To start hacking with the latest "stable" (we're being very liberal with english here) version of lispy you simply need to

$ pip install lispy
$ lispy

This will open a lispy repl, for more commandline options run

$ lispy --help

By default Lispy uses a scheme dialect as described by Peter Norvig in his minimalist implementation of scheme (http://norvig.com/lispy.html) once you've familiarized yourself with this implementation you're ready for some of the "cool" stuff we've layered on top of Norvig's implementation.

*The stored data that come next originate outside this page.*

(* Let $n\ge 1$ and let $\mathbf{P}_A,\mathbf{P}_B,\mathbf{Q}_A,\mathbf{Q}_B\in\mathbb{R}^{n\times n}$ be symmetric positive definite; put $\mathbf{C}_A=\mathbf{P}_A+\mathbf{Q}_A$, $\mathbf{C}_B=\mathbf{P}_B+\mathbf{Q}_B$. Let $J$ be an increasing cost function and let $\omega^*\in\arg\min_{\omega\in[0,1]}J(\mathbf{B}_{\mathrm{SCI}}(\omega))$, $\bar\omega^*=1-\omega^*$. Then the triple $\mathbf{K}_A^*=\omega^*\mathbf{B}_{\mathrm{SCI}}(\omega^* )(\mathbf{P}_A+\omega^*\mathbf{Q}_A)^{-1}$, $\mathbf{K}_B^*=\bar\omega^*\mathbf{B}_{\mathrm{SCI}}(\omega^* )(\mathbf{P}_B+\bar\omega^*\mathbf{Q}_B)^{-1}$, $\mathbf{B}_F^*=\mathbf{B}_{\mathrm{SCI}}(\omega^* )$ is a solution of the problem: minimize $J(\mathbf{B}_F)$ over all pairs $(\mathbf{K},\mathbf{B}_F)$ defining a conservative fusion.
   Context: $\mathcal{A}_{\mathrm{Split}}=\{\mathbf{M}\in\mathbb{R}^{n\times n} : \begin{bmatrix}\mathbf{P}_A & \mathbf{M}\\ \mathbf{M}^\intercal & \mathbf{P}_B\end{bmatrix}\succeq 0\}$. For $\mathbf{K}=(\mathbf{K}_A,\mathbf{K}_B)$ and $\mathbf{P}_{AB}\in\mathcal{A}_{\mathrm{Split}}$, $\mathbf{C}_F(\mathbf{K},\mathbf{P}_{AB})=\mathbf{K}_A\mathbf{C}_A\mathbf{K}_A^\intercal+\mathbf{K}_A\mathbf{P}_{AB}\mathbf{K}_B^\intercal+\mathbf{K}_B\mathbf{P}_{AB}^\intercal\mathbf{K}_A^\intercal+\mathbf{K}_B\mathbf{C}_B\mathbf{K}_B^\intercal$. A pair $(\mathbf{K},\mathbf{B}_F)$ ($\mathbf{B}_F$ symmetric) defines a conservative fusion if $\mathbf{K}_A+\mathbf{K}_B=\mathbf{I}$ and $\mathbf{B}_F\succeq\mathbf{C}_F(\mathbf{K},\mathbf{P}_{AB})$ for all $\mathbf{P}_{AB}\in\mathcal{A}_{\mathrm{Split}}$. For $\omega\in[0,1]$, $\bar\omega=1-\omega$: $\mathbf{B}_{\mathrm{SCI}}(\omega)^{-1}=\omega(\mathbf{P}_A+\omega\mathbf{Q}_A)^{-1}+\bar\omega(\mathbf{P}_B+\bar\omega\mathbf{Q}_B)^{-1}$. $J$ increasing means: $\mathbf{P}\preceq\mathbf{Q}\Rightarrow J(\mathbf{P})\le J(\mathbf{Q})$, and $\mathbf{P}\preceq\mathbf{Q}$, $\mathbf{P}\ne\mathbf{Q}\Rightarrow J(\mathbf{P})<J(\mathbf{Q})$ (Loewner order). *)

From HB Require Import structures.
From mathcomp Require Import all_boot all_order all_algebra.
From mathcomp Require Import reals.
Set Implicit Arguments. Unset Strict Implicit. Unset Printing Implicit Defensive.
Import Order.TTheory GRing.Theory Num.Theory.
Local Open Scope ring_scope.

Section Defs.
Variable R : realType.

Definition symmx m (A : 'M[R]_m) : Prop := A^T = A.

Definition psdmx m (A : 'M[R]_m) : Prop :=
  symmx A /\ forall x : 'cV[R]_m, 0 <= (x^T *m A *m x) 0 0.

Definition pdmx m (A : 'M[R]_m) : Prop :=
  symmx A /\ forall x : 'cV[R]_m, x != 0 -> 0 < (x^T *m A *m x) 0 0.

Lispy can access any python module in python environment it's run from (note that lispy can also be run from inside a virtual environment, though that's not well documented yet, you can reach out to me or open an issue if you'd like help with this). In order to access a function or library from a python module simply call it using the colon symbol notation.

> (print os:environ)

Also in order to eval a bit of python code (to for example access the builtin python functions) simply namespace the function name with py:

> (py:getattr datetime:datetime "now")

is equivalent to

>>> import datetime
>>> datetime.datetime.now()

Motivation

I've been writing a lot of python code, and I love the python ecosystem. It has wonderful tools for web application development (Django, Flask, Pyramid), data munging (Beautiful Soup, requests) and data analysis (NumPy, SciPy, Pandas, IPython). I'd like to learn more about the internal implementation of python, its introspection abilities and its design decisions. I'd also like to better understand the LISP ecosystem, what better way than implementing a LISP in python.

Current Features

  • A minimal scheme implementation in Python (based on Peter Norvig's lispy)
  • A scheme implementation which can call python functions within the same process
  • The begining of a "dialect framework" which will allow customized lisp dialects with changes to the lanage implemented in either python or a lispy dialect

Architecture

I'm doing my very best to keep this language rather sparse, but configurable. There are many LISP dialiects and rather than start bikeshedding wars about the way that this LISP on python should be implemented I'd like to make language decisions configurable with reasonable defaults. Because of this I've created the concept of "dialects" currently there are two dialects the 'norvig' dialect which tries to stay true to Peter Norvig's original implementation of LISP in python and the "haney" dialiect which includes language additions that I think are interesting.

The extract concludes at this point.